What to produce: Lines to return, exactly: from the line with "pose proof (Delta_pos" to the line with "assert (k1 * b1 * b2" in the entries below, both included.

Given data:

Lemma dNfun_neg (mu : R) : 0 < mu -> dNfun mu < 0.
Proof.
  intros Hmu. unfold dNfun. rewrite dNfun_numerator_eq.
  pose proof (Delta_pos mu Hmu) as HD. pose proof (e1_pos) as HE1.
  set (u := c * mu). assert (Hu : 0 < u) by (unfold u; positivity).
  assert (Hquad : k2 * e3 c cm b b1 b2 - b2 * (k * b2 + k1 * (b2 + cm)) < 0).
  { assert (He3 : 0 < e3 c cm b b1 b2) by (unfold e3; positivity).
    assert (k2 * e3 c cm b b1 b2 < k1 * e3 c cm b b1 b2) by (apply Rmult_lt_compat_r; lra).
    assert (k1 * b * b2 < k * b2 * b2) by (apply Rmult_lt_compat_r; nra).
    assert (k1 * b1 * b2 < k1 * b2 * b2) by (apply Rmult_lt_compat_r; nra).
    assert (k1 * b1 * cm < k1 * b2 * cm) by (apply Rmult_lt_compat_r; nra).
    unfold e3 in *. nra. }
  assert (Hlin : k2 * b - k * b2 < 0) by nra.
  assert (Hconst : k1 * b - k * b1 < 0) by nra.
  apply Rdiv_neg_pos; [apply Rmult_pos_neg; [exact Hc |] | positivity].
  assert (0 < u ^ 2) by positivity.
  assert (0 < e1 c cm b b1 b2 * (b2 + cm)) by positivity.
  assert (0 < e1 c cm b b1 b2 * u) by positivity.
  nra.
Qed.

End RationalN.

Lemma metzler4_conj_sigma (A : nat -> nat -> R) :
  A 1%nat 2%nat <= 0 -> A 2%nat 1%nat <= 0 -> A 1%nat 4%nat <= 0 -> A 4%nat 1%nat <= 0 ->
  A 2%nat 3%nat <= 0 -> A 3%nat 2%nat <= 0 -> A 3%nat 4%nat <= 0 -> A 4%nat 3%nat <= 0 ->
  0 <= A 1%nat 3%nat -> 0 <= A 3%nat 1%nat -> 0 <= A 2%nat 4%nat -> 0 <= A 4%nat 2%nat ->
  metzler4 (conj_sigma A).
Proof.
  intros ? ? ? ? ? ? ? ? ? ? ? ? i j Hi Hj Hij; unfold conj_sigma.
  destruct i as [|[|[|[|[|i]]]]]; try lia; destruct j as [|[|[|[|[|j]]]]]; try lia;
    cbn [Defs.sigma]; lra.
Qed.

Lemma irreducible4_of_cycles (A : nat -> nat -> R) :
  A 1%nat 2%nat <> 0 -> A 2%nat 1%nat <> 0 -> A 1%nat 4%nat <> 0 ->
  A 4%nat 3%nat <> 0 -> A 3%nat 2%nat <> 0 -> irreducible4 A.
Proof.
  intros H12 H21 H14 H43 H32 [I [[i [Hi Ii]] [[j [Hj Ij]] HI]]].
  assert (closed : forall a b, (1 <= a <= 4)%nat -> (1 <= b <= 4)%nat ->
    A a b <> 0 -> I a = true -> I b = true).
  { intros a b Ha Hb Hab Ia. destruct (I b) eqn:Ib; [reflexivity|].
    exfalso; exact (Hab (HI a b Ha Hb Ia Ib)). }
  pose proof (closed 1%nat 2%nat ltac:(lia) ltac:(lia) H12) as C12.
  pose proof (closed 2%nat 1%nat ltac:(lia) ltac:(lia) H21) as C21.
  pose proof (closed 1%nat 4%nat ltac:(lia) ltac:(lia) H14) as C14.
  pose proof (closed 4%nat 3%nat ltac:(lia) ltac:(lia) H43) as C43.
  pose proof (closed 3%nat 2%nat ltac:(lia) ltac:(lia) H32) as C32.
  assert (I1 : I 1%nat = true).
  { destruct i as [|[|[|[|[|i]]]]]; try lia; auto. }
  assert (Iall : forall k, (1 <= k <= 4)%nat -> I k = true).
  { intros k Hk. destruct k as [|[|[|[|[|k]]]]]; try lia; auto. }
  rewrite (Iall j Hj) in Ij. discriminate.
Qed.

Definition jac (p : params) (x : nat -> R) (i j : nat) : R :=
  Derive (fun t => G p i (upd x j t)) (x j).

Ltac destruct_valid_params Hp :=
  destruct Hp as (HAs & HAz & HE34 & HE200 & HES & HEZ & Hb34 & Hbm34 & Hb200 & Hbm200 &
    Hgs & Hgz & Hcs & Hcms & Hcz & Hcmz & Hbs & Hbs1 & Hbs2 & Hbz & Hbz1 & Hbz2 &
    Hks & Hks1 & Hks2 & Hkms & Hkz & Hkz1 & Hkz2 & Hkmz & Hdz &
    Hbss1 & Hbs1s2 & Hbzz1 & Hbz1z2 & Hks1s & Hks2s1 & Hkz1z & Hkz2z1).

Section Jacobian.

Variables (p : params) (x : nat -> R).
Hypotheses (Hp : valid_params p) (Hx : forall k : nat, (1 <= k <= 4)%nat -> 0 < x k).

Task output:
  pose proof (Delta_pos mu Hmu) as HD. pose proof (e1_pos) as HE1.
  set (u := c * mu). assert (Hu : 0 < u) by (unfold u; positivity).
  assert (Hquad : k2 * e3 c cm b b1 b2 - b2 * (k * b2 + k1 * (b2 + cm)) < 0).
  { assert (He3 : 0 < e3 c cm b b1 b2) by (unfold e3; positivity).
    assert (k2 * e3 c cm b b1 b2 < k1 * e3 c cm b b1 b2) by (apply Rmult_lt_compat_r; lra).
    assert (k1 * b * b2 < k * b2 * b2) by (apply Rmult_lt_compat_r; nra).
    assert (k1 * b1 * b2 < k1 * b2 * b2) by (apply Rmult_lt_compat_r; nra).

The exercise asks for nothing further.